Цыганков с увлечением начал рассказывать Павлу о том, что когда-то прочитал в фантастическом романе Герберта Уэллса. Павел внимательно слушал.
— Выходит, — сделал он неожиданный вывод, — эти самые марсиане вроде фашистов были? Их, видно, рабочие турнули с Марса, они и двинулись на чужие планеты свои порядки наводить.
— Да ведь это все фантазия! — засмеялся Цыганков. — В действительности же марсиане на Земле и не появлялись.

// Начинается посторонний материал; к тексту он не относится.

(* For any odd prime $p$ and any non-negative integer $k$, \[ C^{(-k-1)}_{p-2}\equiv\begin{cases}0\pmod p & \text{if } k\not\equiv 0\pmod{p-1},\\ 1\pmod p & \text{if } k\equiv 0\pmod{p-1}.\end{cases} \]
   Context: For any integer $k$, let $\mathrm{Li}_k(t)=\sum_{n=1}^{\infty} t^n/n^k$. The poly-Bernoulli numbers of type $C$, $C^{(k)}_n$ ($n\ge0$), are defined by $\frac{\mathrm{Li}_k(1-e^{-t})}{e^{t}-1}=\sum_{n=0}^{\infty}C^{(k)}_n\frac{t^n}{n!}$. For negative upper index these are integers. *)

(* Formal power series over rat, represented as nat -> rat
   (coefficient of t^n). *)
From mathcomp Require Import all_boot all_order all_algebra.
Set Implicit Arguments. Unset Strict Implicit. Unset Printing Implicit Defensive.
Import Order.TTheory GRing.Theory Num.Theory.
Local Open Scope ring_scope.

Definition fps := nat -> rat.

Definition fmul (f g : fps) : fps :=
  fun n => \sum_(0 <= i < n.+1) f i * g (n - i)%N.

Definition fone : fps := fun n => if n == 0%N then 1 else 0.

Fixpoint fpow (f : fps) (m : nat) : fps :=
  if m is m'.+1 then fmul f (fpow f m') else fone.

Definition one_minus_expneg : fps :=
  fun n => if n == 0%N then 0 else - ((-1) ^+ n / (n`!)%:R).

Definition expm1 : fps :=
  fun n => if n == 0%N then 0 else 1 / (n`!)%:R.

(* Li_k(x) = sum_{n>=1} x^n / n^k, as formal power series in x,
   k an arbitrary integer *)
Definition Li_coef (k : int) (n : nat) : rat :=
  if n == 0%N then 0 else ((n%:R : rat) ^ k)^-1.

(* composition Li_k(u(t)) with u(0) = 0: only terms m <= N contribute to t^N *)
Definition fcomp_Li (k : int) (u : fps) : fps :=
  fun N => \sum_(0 <= m < N.+1) Li_coef k m * fpow u m N.

(* inverse of a power series g with g 0 = 1, coefficients 0..n *)
Fixpoint inv_list (g : fps) (n : nat) : seq rat :=
  if n is n'.+1 then
    let s := inv_list g n' in
    rcons s (- \sum_(0 <= i < n) g (n - i)%N * nth 0 s i)
  else [:: 1].

Definition finv1 (g : fps) : fps := fun n => nth 0 (inv_list g n) n.

(* division f / g where f 0 = g 0 = 0 and g 1 = 1: (f/t) * (g/t)^{-1} *)
Definition fdiv_t (f g : fps) : fps :=
  fmul (fun n => f n.+1) (finv1 (fun n => g n.+1)).

Definition polyBernC_egf (k : int) : fps :=
  fdiv_t (fcomp_Li k one_minus_expneg) expm1.

Definition polyBernC (k : int) (n : nat) : rat :=
  (n`!)%:R * polyBernC_egf k n.

From mathcomp Require Import all_boot all_order all_algebra all_fingroup.
From mathcomp Require Import all_solvable all_field ring zify.

(* Write u = 1 - e^{-t}.  Since u = (e^t - 1) e^{-t} and
   Li_{-m}(u) = sum_{r >= 1} r^m u^r, the generating function of C^{(-m)} is
   e^{-t} sum_{r >= 0} (r+1)^m u^r; expanding u^r = sum_i C(r,i) (-1)^i e^{-it}
   gives the integer formula
     C^{(-m)}_n = sum_{r <= n} (r+1)^m sum_{i <= r} C(r,i) (-1)^i (-(i+1))^n.
   For n = p - 2, Fermat's little theorem turns (-(i+1))^{p-2} into
   -1/(i+1) mod p, and C(r,i)/(i+1) = C(r+1,i+1)/(r+1) collapses the inner sum
   to -1/(r+1).  With m = k + 1 what remains is -sum_{x in F_p^*} x^k, which
   is 1 if p - 1 divides k and 0 otherwise. *)

Set Implicit Arguments.
Unset Strict Implicit.
Unset Printing Implicit Defensive.

Import Order.TTheory GRing.Theory Num.Theory.
Local Open Scope ring_scope.

(* Truncations let [fmul] inherit the ring laws of [{poly rat}]. *)
Definition ftrunc (N : nat) (f : fps) : {poly rat} := \poly_(i < N.+1) f i.

Definition fdivX (f : fps) : fps := fun n => f n.+1.

Lemma fmul_ftrunc f g N n : (n <= N)%N ->
  fmul f g n = (ftrunc N f * ftrunc N g)`_n.
Proof.
move=> le_nN; rewrite coefM /fmul big_mkord; apply: eq_bigr => i _.
have lt_iN : (i < N.+1)%N by rewrite (leq_trans (ltn_ord i)).
have lt_niN : (n - i < N.+1)%N by rewrite ltnS (leq_trans (leq_subr _ _)).
by rewrite !coef_poly lt_iN lt_niN.
Qed.

Lemma eq_fmull f f' g n : (forall j, (j <= n)%N -> f j = f' j) ->
  fmul f g n = fmul f' g n.
Proof.
by move=> eq_f; apply: eq_big_nat => i /andP[_ lt_in]; rewrite eq_f // -ltnS.
Qed.

Lemma eq_fmulr f g g' n : (forall j, (j <= n)%N -> g j = g' j) ->
  fmul f g n = fmul f g' n.
Proof.
by move=> eq_g; apply: eq_big_nat => i _; rewrite eq_g ?leq_subr.
Qed.

Lemma fmulC f g n : fmul f g n = fmul g f n.
Proof. by rewrite !(@fmul_ftrunc _ _ n) // mulrC. Qed.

— Ну и пускай фантазия. А фашизм там наверняка был. Сам же говорил, что законы природы везде одинаковые. Значит, марсиане должны были победить фашистов. А если у них на самом деле была такая техника, как пишется в книжке, оставался один выход — переселяться на другую планету. На своей-то житья не стало. Вот увидишь, как наши прижмут Гитлера, он готов будет хоть на Луну удрать, лишь бы от петли уйти. Да только — шиш ему. Не удастся.
Ребята замолчали…
Лежа на спине и рассматривая высокое звездное небо, Павел вдруг почему-то вспомнил детство, такое далекое сейчас, как вот эти звезды. Домик на окраине Харькова. Вечером мама зажигает большую лампу. Приходит отец, и все садятся за стол. Павлик сидит между отцом и матерью на каком-то сложном сооружении из табуреток, чтобы выше было. Папа веселый, он громко смеется, берет Павлика на руки, подбрасывает вверх так, что он задевает головой потолок. Но не плачет, даже виду не подает, что больно. Он хочет быть таким же, как папа — большим, веселым и обязательно носить такую же куртку.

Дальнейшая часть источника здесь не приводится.